§ Provided information:

════════════════════

Lemma null_orthogonal_same_line (z r : hvec) : null_nz z -> hform r z = 0 -> same_line z r.
Proof.
case: z r => [a1 a2] [b1 b2] [z0 null]; rewrite hformE /= => /eqP; rewrite addr_eq0 => /eqP orth.
move/eqP: null; rewrite hformE /= addr_eq0 => /eqP null.
have [a2_0|a2_0] := eqVneq a2 0.
  have a1_0 : a1 != 0 by apply: contra_not_neq z0 => ->; rewrite a2_0.
  have b2_0 : b2 = 0.
    apply: (@qmulI (qconj a1)); first by rewrite qconj_eq0.
    by apply/eqP; rewrite mulr0 -oppr_eq0 -orth a2_0 qconj0 mul0r.
  by exists (a1^-1 * b1); rewrite vscaleE /= a2_0 b2_0 mul0r mulVKr.
exists (a2^-1 * b2); rewrite vscaleE /=; congr (_, _); last by rewrite mulVKr.
apply: (@qmulI (qconj a2)); first by rewrite qconj_eq0.
by rewrite orth !mulrA null !mulNr mulrK.
Qed.

Definition form_preserving (M : hmat) : Prop :=
  forall z w, hform (mact M z) (mact M w) = hform z w.

(* When <z1, z2> = 1 and z1, z2 are null, every u is z1 <u, z2> + z2 <u, z1>,
   so this matrix sends z1 to p1 and z2 to p2. *)
Definition frame_mx (z1 z2 p1 p2 : hvec) : hmat :=
  HMat (p1.1 * qconj z2.2 + p2.1 * qconj z1.2) (p1.1 * qconj z2.1 + p2.1 * qconj z1.1)
       (p1.2 * qconj z2.2 + p2.2 * qconj z1.2) (p1.2 * qconj z2.1 + p2.2 * qconj z1.1).

Lemma mact_frame_mx (z1 z2 p1 p2 u : hvec) :
  mact (frame_mx z1 z2 p1 p2) u = vscale p1 (hform u z2) + vscale p2 (hform u z1).
Proof. rewrite /frame_mx; hvec_ring. Qed.

Section NullFrame.
Variables z1 z2 : hvec.
Hypotheses (z1_null : hform z1 z1 = 0) (z2_null : hform z2 z2 = 0) (z12 : hform z1 z2 = 1).

Lemma frame_z21 : hform z2 z1 = 1.
Proof. by rewrite hform_sym z12 qconj1. Qed.

Lemma frame_z1_neq0 : z1 <> 0.
Proof. by move=> z1_0; move: z12; rewrite z1_0 hform0l => /eqP; rewrite eq_sym oner_eq0. Qed.

Lemma frame_decomp u : u = vscale z1 (hform u z2) + vscale z2 (hform u z1).
Proof.
set v := _ + _.
have uv_z1 : hform (u - v) z1 = 0.
  by rewrite hformDl hformNl hformDl !hform_vscalel z1_null frame_z21 mul0r add0r mul1r subrr.
have uv_z2 : hform (u - v) z2 = 0.
  by rewrite hformDl hformNl hformDl !hform_vscalel z2_null z12 mul0r addr0 mul1r subrr.
have [mu e] := null_orthogonal_same_line (conj frame_z1_neq0 z1_null) uv_z1.
move: uv_z2; rewrite e hform_vscalel z12 mul1r => mu0.
by apply/eqP; rewrite -subr_eq0 e mu0 vscale0.
Qed.

Lemma frame_mx_ext (M N : hmat) : mact M z1 = mact N z1 -> mact M z2 = mact N z2 -> M = N.
Proof. by move=> e1 e2; apply: hmatP => u; rewrite [u]frame_decomp !mactD !mact_vscale e1 e2. Qed.

Lemma frame_form_preserving (M : hmat) :
  hform (mact M z1) (mact M z1) = 0 -> hform (mact M z2) (mact M z2) = 0 ->
  hform (mact M z1) (mact M z2) = 1 -> form_preserving M.
Proof.
move=> m11 m22 m12 u v; rewrite [u]frame_decomp [v]frame_decomp.
rewrite !mactD !mact_vscale !hformDl !hformDr !hform_vscalel !hform_vscaler.
by rewrite [hform (mact M z2) _]hform_sym m11 m22 m12 z1_null z2_null z12 frame_z21 qconj1.
Qed.

Lemma frame_mx_z1 p1 p2 : mact (frame_mx z1 z2 p1 p2) z1 = p1.
Proof. by rewrite mact_frame_mx z12 z1_null vscale1 vscale0 addr0. Qed.

Lemma frame_mx_z2 p1 p2 : mact (frame_mx z1 z2 p1 p2) z2 = p2.
Proof. by rewrite mact_frame_mx frame_z21 z2_null vscale1 vscale0 add0r. Qed.

End NullFrame.

Lemma mact_neq0 (M N : hmat) z : mmul N M = mone R -> z <> 0 -> mact M z <> 0.
Proof. by move=> NM z0 Mz0; apply: z0; rewrite -(mact_mone z) -NM mact_mmul Mz0 mact0. Qed.

Lemma eigen_neq0 (M N : hmat) z l :
  mmul N M = mone R -> z <> 0 -> mact M z = vscale z l -> l != 0.
Proof.
move=> NM z0 Mz; apply: contra_not_neq (mact_neq0 NM z0) => l0.
by rewrite Mz l0 vscale0.
Qed.

Lemma eigen_linv (M N : hmat) z l :
  mmul N M = mone R -> l != 0 -> mact M z = vscale z l -> mact N z = vscale z l^-1.
Proof.
move=> NM l0 Mz; have : mact N (mact M z) = z by rewrite -mact_mmul NM mact_mone.
by rewrite Mz mact_vscale => NMz; rewrite -{2}NMz vscaleA mulrV // vscale1.
Qed.

Lemma eigen_vscale (M : hmat) z l mu :
  mu != 0 -> mact M z = vscale z l -> mact M (vscale z mu) = vscale (vscale z mu) (mu^-1 * l * mu).
Proof. by move=> mu0 Mz; rewrite mact_vscale Mz !vscaleA !mulrA mulrV // mul1r. Qed.

Lemma null_nz_vscale z a : null_nz z -> a != 0 -> null_nz (vscale z a).
Proof.
move=> [z0 zz] a0; split; last by rewrite hform_vscalel hform_vscaler zz mulr0 mul0r.
move=> za0; have : vscale z a = vscale z 0 by rewrite vscale0 za0.
by move/(vscale_inj z0)/eqP; apply/negP.
Qed.

Lemma fixes_bd_same_line (A : hmat) p z :
  fixes_bd A p -> null_nz z -> same_line p z -> fixes_bd A z.
Proof.
move=> [_ [l Ap]] nz [mu ez]; split=> //.
have mu0 : mu != 0 by apply: contra_not_neq nz.1 => mu0; rewrite ez mu0 vscale0.
by exists (mu^-1 * l * mu); rewrite ez; apply: eigen_vscale.
Qed.

Lemma frame_eigenvalues (A : hmat) p q l k : form_preserving A -> hform p q = 1 ->
  mact A p = vscale p l -> mact A q = vscale q k -> qconj k * l = 1.
Proof.
by move=> fA pq Ap Aq; have := fA p q; rewrite Ap Aq hform_vscalel hform_vscaler pq mulr1.
Qed.

Lemma not_same_line_hform (p q : hvec) : hform p p = 0 -> hform q p != 0 -> ~ same_line p q.
Proof. by move=> pp qp /(same_line_hform pp) /eqP; apply/negP. Qed.

(** * Hyperbolic elements *)

Section Hyperbolic.
Variable A : hmat.
Hypothesis hypA : hyperbolic A.

Lemma hyperbolic_third_fixed p q z : fixes_bd A p -> fixes_bd A q -> fixes_bd A z ->
  ~ same_line p q -> same_line p z \/ same_line q z.
Proof.
have [z1 [z2 [_ [_ [_ fix12]]]]] := hypA.
move=> fp fq fz npq; have sym v w : fixes_bd A w -> same_line v w -> same_line w v.
  by move=> [[w0 _] _]; exact: same_line_sym.
case: (fix12 p fp) (fix12 q fq) (fix12 z fz) => hp [] hq [] hz;
  first [ by exfalso; apply: npq; exact: same_line_trans (sym _ _ fp hp) hq
        | by left; exact: same_line_trans (sym _ _ fp hp) hz
        | by right; exact: same_line_trans (sym _ _ fq hq) hz ].
Qed.

Lemma hyperbolic_fixedE p q : fixes_bd A p -> fixes_bd A q -> ~ same_line p q ->
  forall z, fixes_bd A z <-> null_nz z /\ (same_line p z \/ same_line q z).
Proof.
move=> fp fq npq z; split=> [fz|[nz [pz|qz]]].
- by split; [case: fz | exact: hyperbolic_third_fixed fp fq fz npq].
- exact: fixes_bd_same_line fp nz pz.
- exact: fixes_bd_same_line fq nz qz.
Qed.

Lemma hyperbolic_frame p : fixes_bd A p -> exists q, fixes_bd A q /\ hform p q = 1.
Proof.
move=> fp; have [np _] := fp.
suff [a fa ap] : exists2 a, fixes_bd A a & hform a p != 0.
  have c0 : (hform a p)^-1 != 0 by rewrite invr_eq0.
  exists (vscale a (hform a p)^-1); split.
    by apply: fixes_bd_same_line fa (null_nz_vscale fa.1 c0) _; exists (hform a p)^-1.
  by rewrite hform_vscaler [hform p a]hform_sym -qconjM mulrV // qconj1.
have [z1 [z2 [f1 [f2 [n12 _]]]]] := hypA.
have [z1p|] := eqVneq (hform z1 p) 0; last by exists z1.
have [z2p|] := eqVneq (hform z2 p) 0; last by exists z2.
exfalso; apply: n12; apply: same_line_trans (null_orthogonal_same_line np z2p).
by apply: same_line_sym (null_orthogonal_same_line np z1p); case: f1 => [[]].
Qed.

Lemma hyperbolic_eigen_norm p l : form_preserving A -> fixes_bd A p ->
  mact A p = vscale p l -> qnorm l != 1.
Proof.
move=> fA fp Ap; apply/eqP => l1.
have [q [fq pq]] := hyperbolic_frame fp.
have [[_ pp] _] := fp; have [[_ qq] [k Aq]] := fq.
have kl : k = l.
  have kl1 := frame_eigenvalues fA pq Ap Aq.
  rewrite -[k]qconjK -[l]qconjK; congr qconj.
  by rewrite -[qconj k]mulr1 -(qnorm1_mul_qconj l1) mulrA kl1 mul1r.
have [y [y0 py yl]] := exists_pure_commuting l.
pose u := p + vscale q y.
have up : hform u p = y.
  by rewrite hformDl hform_vscalel [hform q p]hform_sym pq qconj1 pp mul1r add0r.
have uq : hform u q = 1 by rewrite hformDl hform_vscalel pq qq mul0r addr0.
have fu : fixes_bd A u.
  split; [split|exists l].
  - by move=> u0; move: uq; rewrite u0 hform0l => /eqP; rewrite eq_sym oner_eq0.
  - by rewrite {2}/u hformDr hform_vscaler up uq py mulr1 subrr.
  - by rewrite mactD mact_vscale Ap Aq kl vscaleA -yl vscaleDl vscaleA.
have npq : ~ same_line p q.
  by apply: not_same_line_hform pp _; rewrite hform_sym pq qconj1 oner_eq0.
case: (hyperbolic_third_fixed fp fq fu npq).
- by move/(same_line_hform pp); rewrite up; apply/eqP.
- by move/(same_line_hform qq); rewrite uq; apply/eqP; rewrite oner_eq0.
Qed.

End Hyperbolic.

(** * Reversing involutions *)

Lemma pm_eq_mact (M N : hmat) :
  pm_eq M N -> exists2 e : quat, e * e = 1 & forall u, mact M u = vscale (mact N u) e.
Proof.
case=> ->; [exists 1 | exists (-1)]; rewrite ?mulr1 ?mulrNN ?mulr1 // => u.
  by rewrite vscale1.
exact: mact_mopp.
Qed.

Section Reversal.
Variables G Gi A Ai : hmat.
Hypotheses (GGi : is_inv G Gi) (fG : form_preserving G) (AAi : is_inv A Ai).
Hypothesis revA : pm_eq (mmul (mmul G A) Gi) Ai.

════════════════════

§ Work order:
Only one stretch of the entries above is wanted: the lines from the one containing "py mulr1 subrr." through the one containing "- by move/(same_line_hform pp);". Please reproduce it exactly.

§ The completed task:
  - by rewrite {2}/u hformDr hform_vscaler up uq py mulr1 subrr.
  - by rewrite mactD mact_vscale Ap Aq kl vscaleA -yl vscaleDl vscaleA.
have npq : ~ same_line p q.
  by apply: not_same_line_hform pp _; rewrite hform_sym pq qconj1 oner_eq0.
case: (hyperbolic_third_fixed fp fq fu npq).
- by move/(same_line_hform pp); rewrite up; apply/eqP.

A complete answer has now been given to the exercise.